(Extracted data entries)
━━━━━━━━━━━━━━━━
Lemma cycle_edges_cons x s :
  cycle_edges (x :: s) = pedge (last x s, x) |: path_edges (x :: s).
Proof.
rewrite /cycle_edges.
have -> : zip (x :: s) (rot 1 (x :: s)) = rcons (pairs (x :: s)) (last x s, x).
  by rewrite rot1_cons; elim: s {1 3 4 5}x => //= y s IH z; rewrite IH.
apply/setP=> e; rewrite in_setU1; apply/imsetP/predU1P.
  case=> p; rewrite mem_rcons inE => /predU1P[-> | ps ->]; first by left.
  by right; apply: imset_f.
by case=> [-> | /imsetP[p ps ->]]; [exists (last x s, x) | exists p];
  rewrite ?mem_rcons ?inE ?eqxx ?ps ?orbT.
Qed.

Lemma cycle_edges_vert x e c : e \in cycle_edges c -> x \in e -> x \in c.
Proof.
case: c => [|y s]; first by case/imsetP.
rewrite cycle_edges_cons => /setU1P[-> | es]; last exact: path_edges_vert es.
by rewrite in_pedge => /orP[] /eqP -> /=; rewrite ?mem_last ?inE ?eqxx.
Qed.

Lemma card_path_edges x s : uniq (x :: s) -> #|path_edges (x :: s)| = size s.
Proof.
elim: s x => [|y s IH] x; first by rewrite path_edges1 cards0.
rewrite cons_uniq => /andP[xys uys]; rewrite path_edges_cons2 cardsU1 IH //.
suff /negPf -> : pedge (x, y) \notin path_edges (y :: s) by [].
by apply: contra xys => /path_edges_vert; apply; rewrite in_pedge eqxx.
Qed.

Lemma head_neq_last x s : uniq s -> 1 < size s -> head x s != last x s.
Proof.
case: s => [|y [|z s]] //= /andP[yzs _] _.
by apply: contraNneq yzs => ->; apply: mem_last.
Qed.

Section CycleAtHead.
Variables (x : T) (s : seq T).
Hypotheses (uxs : uniq (x :: s)) (s2 : 1 < size s).

Let xs : x \notin s. Proof. by case/andP: uxs. Qed.

Lemma path_edges_cons_head :
  path_edges (x :: s) = pedge (x, head x s) |: path_edges s.
Proof. by case: s s2 => [|y t] // _; rewrite path_edges_cons2. Qed.

Lemma cycle_edges_head_neq : pedge (x, head x s) != pedge (last x s, x).
Proof.
apply/negP=> /eqP/setP/(_ (last x s)); rewrite !in_pedge /= eqxx /=.
case/orP=> /eqP lE.
  by move: xs; rewrite -lE; case: s s2 => [|y t] //= _; rewrite mem_last.
by move: (head_neq_last x (proj2 (andP uxs)) s2); rewrite lE eqxx.
Qed.

Lemma notin_path_edges_tail e : e \in path_edges s -> x \notin e.
Proof. by move=> es; apply: contra xs; apply: path_edges_vert. Qed.

Lemma closing_edge_notin_path_edges :
  pedge (last x s, x) \notin path_edges (x :: s).
Proof.
rewrite path_edges_cons_head in_setU1 eq_sym (negPf cycle_edges_head_neq) /=.
by apply/negP=> /notin_path_edges_tail; rewrite in_pedge eqxx orbT.
Qed.

Lemma card_cycle_edges_cons : #|cycle_edges (x :: s)| = (size s).+1.
Proof.
by rewrite cycle_edges_cons cardsU1 closing_edge_notin_path_edges card_path_edges.
Qed.

Lemma deg_cycle_edges_head : deg (cycle_edges (x :: s)) x = 2.
Proof.
rewrite /deg (_ : [set e in _ | _] = [set pedge (x, head x s); pedge (last x s, x)]).
  by rewrite cards2 cycle_edges_head_neq.
have xea : x \in pedge (x, head x s) by rewrite in_pedge eqxx.
have xeb : x \in pedge (last x s, x) by rewrite in_pedge eqxx orbT.
apply/setP=> e; rewrite !inE cycle_edges_cons path_edges_cons_head !in_setU1.
have [/notin_path_edges_tail xe | _] := boolP (e \in path_edges s).
  by rewrite (negPf xe) andbF; apply/esym/norP; split; apply: contraNneq xe => ->.
by rewrite orbF orbC; apply/andb_idr => /orP[] /eqP ->.
Qed.

End CycleAtHead.

Lemma deg_cycle_edges x c : uniq c -> 2 < size c -> x \in c ->
  deg (cycle_edges c) x = 2.
Proof.
move=> uc c3 /rot_index xE; rewrite -(cycle_edges_rot (index x c)) xE.
apply: deg_cycle_edges_head; first by rewrite -xE rot_uniq.
by move: c3; rewrite -(size_rot (index x c)) xE.
Qed.

End CycleEdges.

Section Acyclic.
Variable T : finType.
Implicit Types (s c : seq T).

(* A path has at most k - 1 edges joining k of its vertices; a k-cycle has k. *)
Lemma cycle_edges_not_subset_path c s : uniq c -> 2 < size c -> uniq s ->
  ~~ (cycle_edges c \subset path_edges s).
Proof.
move=> uc c3 us; apply/negP=> sub.
have cardC : #|cycle_edges c| = size c.
  by case: c uc c3 {sub} => [|x w] // uc c3; rewrite card_cycle_edges_cons.
have inside : #|cycle_edges c| <= count (fun p => (p.1 \in c) && (p.2 \in c)) (pairs s).
  rewrite -size_filter -(size_map (@pedge T)); apply: (leq_trans _ (card_size _)).
  apply/subset_leq_card/subsetP=> e eC; have /imsetP[p ps eE] := subsetP sub e eC.
  apply/mapP; exists p => //; rewrite mem_filter ps andbT.
  rewrite eE in eC; apply/andP; split; apply/(cycle_edges_vert eC);
  by rewrite in_pedge eqxx ?orbT.
have /leq_trans/(_ (count_pairs_inside _ s)) := inside.
have : count (mem c) s <= size c.
  rewrite -size_filter uniq_leq_size ?filter_uniq // => x.
  by rewrite mem_filter => /andP[].
by rewrite cardC; case: (size c) c3 => // n _; case: (count _ s) => //= m; lia.
Qed.

End Acyclic.

Lemma bigcup_seqP (I : eqType) (U : finType) (P : seq I) (F : I -> {set U}) x :
  reflect (exists2 i, i \in P & x \in F i) (x \in \bigcup_(i <- P) F i).
Proof.
elim: P => [|i P IH]; rewrite ?big_nil ?big_cons ?inE; first by right; case.
apply: (iffP orP) => [[xi | /IH[j jP xj]] | [j]].
- by exists i; rewrite ?inE ?eqxx.
- by exists j; rewrite ?inE ?jP ?orbT.
by rewrite inE => /predU1P[-> | jP] xj; [left | right; apply/IH; exists j].
Qed.

Section PathPartitions.
Variable T : finType.
Implicit Types (s t : seq T) (E D : {set {set T}}) (P Q : seq (seq T)).

Definition edge_disjoint : rel (seq T) :=
  fun s t => [disjoint path_edges s & path_edges t].

Lemma path_partitionP E P : path_partition E P <->
  [/\ all (is_gpath E) P, pairwise edge_disjoint P & \bigcup_(s <- P) path_edges s = E].
Proof.
split=> [[gP dP uP] | [gP /(pairwiseP [::]) dP uP]].
  by split=> //; apply/(pairwiseP [::]) => i j ip jp ij; apply: dP; rewrite // neq_ltn ij.
split=> // i j ip jp; rewrite neq_ltn => /orP[] ij; first exact: dP.
by rewrite disjoint_sym; apply: dP.
Qed.

Lemma path_partition_edge_path E P s t e : path_partition E P -> s \in P -> t \in P ->
  e \in path_edges s -> e \in path_edges t -> s = t.
Proof.
case=> _ dP _ sP tP es et; apply/eqP/negPn/negP => st.
have ij : index s P != index t P.
  by apply: contra st => /eqP/(congr1 (nth [::] P)); rewrite !nth_index // => ->.
have := dP _ _ _ _ ij; rewrite !index_mem !nth_index // => /(_ sP tP).
by move/disjointFr/(_ es); rewrite et.
Qed.

Lemma gpath_edges_neq0 E s : is_gpath E s -> path_edges s != set0.
Proof.
case/gpathP=> _ + _; case: s => [|x [|y s]] // _.
by apply/set0Pn; exists (pedge (x, y)); rewrite path_edges_cons2 setU11.
Qed.

Lemma size_path_partition E P : path_partition E P -> size P <= #|E|.
Proof.
case/path_partitionP=> gP + <-.
have : all (fun s => path_edges s != set0) P.
  by apply/allP=> s /(allP gP)/gpath_edges_neq0.
elim: P {gP} => [|s P IH] //=; rewrite big_cons => /andP[s0 P0] /andP[ds dP].
have sP : [disjoint path_edges s & \bigcup_(t <- P) path_edges t].
  rewrite -setI_eq0; apply/set0Pn=> -[e]; rewrite inE => /andP[es /bigcup_seqP[t tP et]].
  by have := allP ds t tP; move/disjointFr/(_ es); rewrite et.
rewrite cardsU (disjoint_setI0 sP) cards0 subn0.
by rewrite -add1n leq_add ?IH // card_gt0.
Qed.

Lemma has_pp_of_sizeP E n :
  reflect (exists P, path_partition E P /\ size P = n) (has_pp_of_size E n).
Proof. by rewrite /has_pp_of_size; case: excluded_middle_informative; constructor. Qed.

Lemma pn_min E P : path_partition E P -> pn E <= size P.
Proof.
move=> pP; rewrite /pn leqNgt; apply/negP => lt.
have := before_find 0 lt; rewrite nth_iota ?ltnS ?size_path_partition // add0n.
by move/has_pp_of_sizeP; apply; exists P.
Qed.

Lemma path_partition_single_edges E : simple_edges E ->
  path_partition E [seq enum e | e : {set T} <- enum E].
Proof.
move=> sE; have single e : e \in E -> path_edges (enum e) = [set e].
  move/sE; rewrite cardE; case eE: (enum e) => [|x [|y [|z w]]] // _.
  rewrite path_edges_cons2 path_edges1 setU0; congr [set _].
  by apply/setP=> z; rewrite in_pedge -mem_enum eE !inE.
apply/path_partitionP; split.
- apply/allP=> _ /mapP[e eE ->]; rewrite mem_enum in eE.
  by apply/gpathP; rewrite enum_uniq -cardE sE // single // sub1set.
- rewrite pairwise_map; have := enum_uniq (mem E); rewrite uniq_pairwise.
  apply: (@sub_in_pairwise _ (mem (enum E))); last exact: allss.
  move=> e f; rewrite !mem_enum => eE fE ef /=.
  by rewrite /edge_disjoint !single // disjoints1 in_set1; exact: ef.
- apply/setP=> e; apply/bigcup_seqP/idP => [[_ /mapP[f fE ->]] | eE].
    by rewrite mem_enum in fE; rewrite single // inE => /eqP ->.
  by exists (enum e); [apply: map_f; rewrite mem_enum | rewrite single ?inE].
Qed.

Lemma pn_exists E : simple_edges E -> exists2 P, path_partition E P & size P = pn E.
Proof.
move=> sE; have hasE : has (has_pp_of_size E) (iota 0 #|E|.+1).
  apply/hasP; exists #|E|; first by rewrite mem_iota ltnS leqnn.
  apply/has_pp_of_sizeP; exists [seq enum e | e : {set T} <- enum E].
  by rewrite size_map cardE; split=> //; apply: path_partition_single_edges.
have := nth_find 0 hasE; rewrite has_find size_iota in hasE.
by rewrite nth_iota // add0n => /has_pp_of_sizeP[P [pP sP]]; exists P.
Qed.

Lemma path_partition_filter E D Q (a : pred T) : path_partition E Q ->
  {in Q, forall s, path_edges (filter a s) = path_edges s :\: D} ->
  path_partition (E :\: D) [seq t <- map (filter a) Q | 1 < size t].
Proof.
move=> /path_partitionP[gQ dQ uQ] aQ; apply/path_partitionP; split.
- apply/allP=> t; rewrite mem_filter => /andP[t2 /mapP[s sQ tE]]; subst t.
  have /gpathP[us _ sE] := allP gQ s sQ.
  apply/gpathP; split; rewrite ?filter_uniq // aQ //.
  by apply/subsetP=> e; rewrite !inE => /andP[-> /(subsetP sE)].
- apply: pairwise_filter; rewrite pairwise_map.
  apply: (@sub_in_pairwise _ (mem Q) _ _ _ _ (allss Q) dQ) => s t sQ tQ /=.
  rewrite /edge_disjoint !aQ // => st.
  exact: disjointWl (subsetDl _ _) (disjointWr (subsetDl _ _) st).
- apply/setP=> e; apply/bigcup_seqP/idP => [[t] | ].
    rewrite mem_filter => /andP[_ /mapP[s sQ ->]]; rewrite aQ // !inE => /andP[-> es].
    by rewrite -uQ; apply/bigcup_seqP; exists s.
  rewrite inE -uQ => /andP[eD /bigcup_seqP[s sQ es]].
  have eas : e \in path_edges (filter a s) by rewrite aQ // inE eD.
  exists (filter a s) => //; rewrite mem_filter map_f // andbT.
  by case/imsetP: eas; case: (filter a s) => [|x [|y w]].
Qed.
━━━━━━━━━━━━━━━━
*Work instruction:* Begin at the line above that has "by apply: contraNneq" and stop after the line that has "move=> uc c3 /rot_index", copying each line exactly and adding nothing else.

*Solution to this task:*
by apply: contraNneq yzs => ->; apply: mem_last.
Qed.

Section CycleAtHead.
Variables (x : T) (s : seq T).
Hypotheses (uxs : uniq (x :: s)) (s2 : 1 < size s).

Let xs : x \notin s. Proof. by case/andP: uxs. Qed.

Lemma path_edges_cons_head :
  path_edges (x :: s) = pedge (x, head x s) |: path_edges s.
Proof. by case: s s2 => [|y t] // _; rewrite path_edges_cons2. Qed.

Lemma cycle_edges_head_neq : pedge (x, head x s) != pedge (last x s, x).
Proof.
apply/negP=> /eqP/setP/(_ (last x s)); rewrite !in_pedge /= eqxx /=.
case/orP=> /eqP lE.
  by move: xs; rewrite -lE; case: s s2 => [|y t] //= _; rewrite mem_last.
by move: (head_neq_last x (proj2 (andP uxs)) s2); rewrite lE eqxx.
Qed.

Lemma notin_path_edges_tail e : e \in path_edges s -> x \notin e.
Proof. by move=> es; apply: contra xs; apply: path_edges_vert. Qed.

Lemma closing_edge_notin_path_edges :
  pedge (last x s, x) \notin path_edges (x :: s).
Proof.
rewrite path_edges_cons_head in_setU1 eq_sym (negPf cycle_edges_head_neq) /=.
by apply/negP=> /notin_path_edges_tail; rewrite in_pedge eqxx orbT.
Qed.

Lemma card_cycle_edges_cons : #|cycle_edges (x :: s)| = (size s).+1.
Proof.
by rewrite cycle_edges_cons cardsU1 closing_edge_notin_path_edges card_path_edges.
Qed.

Lemma deg_cycle_edges_head : deg (cycle_edges (x :: s)) x = 2.
Proof.
rewrite /deg (_ : [set e in _ | _] = [set pedge (x, head x s); pedge (last x s, x)]).
  by rewrite cards2 cycle_edges_head_neq.
have xea : x \in pedge (x, head x s) by rewrite in_pedge eqxx.
have xeb : x \in pedge (last x s, x) by rewrite in_pedge eqxx orbT.
apply/setP=> e; rewrite !inE cycle_edges_cons path_edges_cons_head !in_setU1.
have [/notin_path_edges_tail xe | _] := boolP (e \in path_edges s).
  by rewrite (negPf xe) andbF; apply/esym/norP; split; apply: contraNneq xe => ->.
by rewrite orbF orbC; apply/andb_idr => /orP[] /eqP ->.
Qed.

End CycleAtHead.

Lemma deg_cycle_edges x c : uniq c -> 2 < size c -> x \in c ->
  deg (cycle_edges c) x = 2.
Proof.
move=> uc c3 /rot_index xE; rewrite -(cycle_edges_rot (index x c)) xE.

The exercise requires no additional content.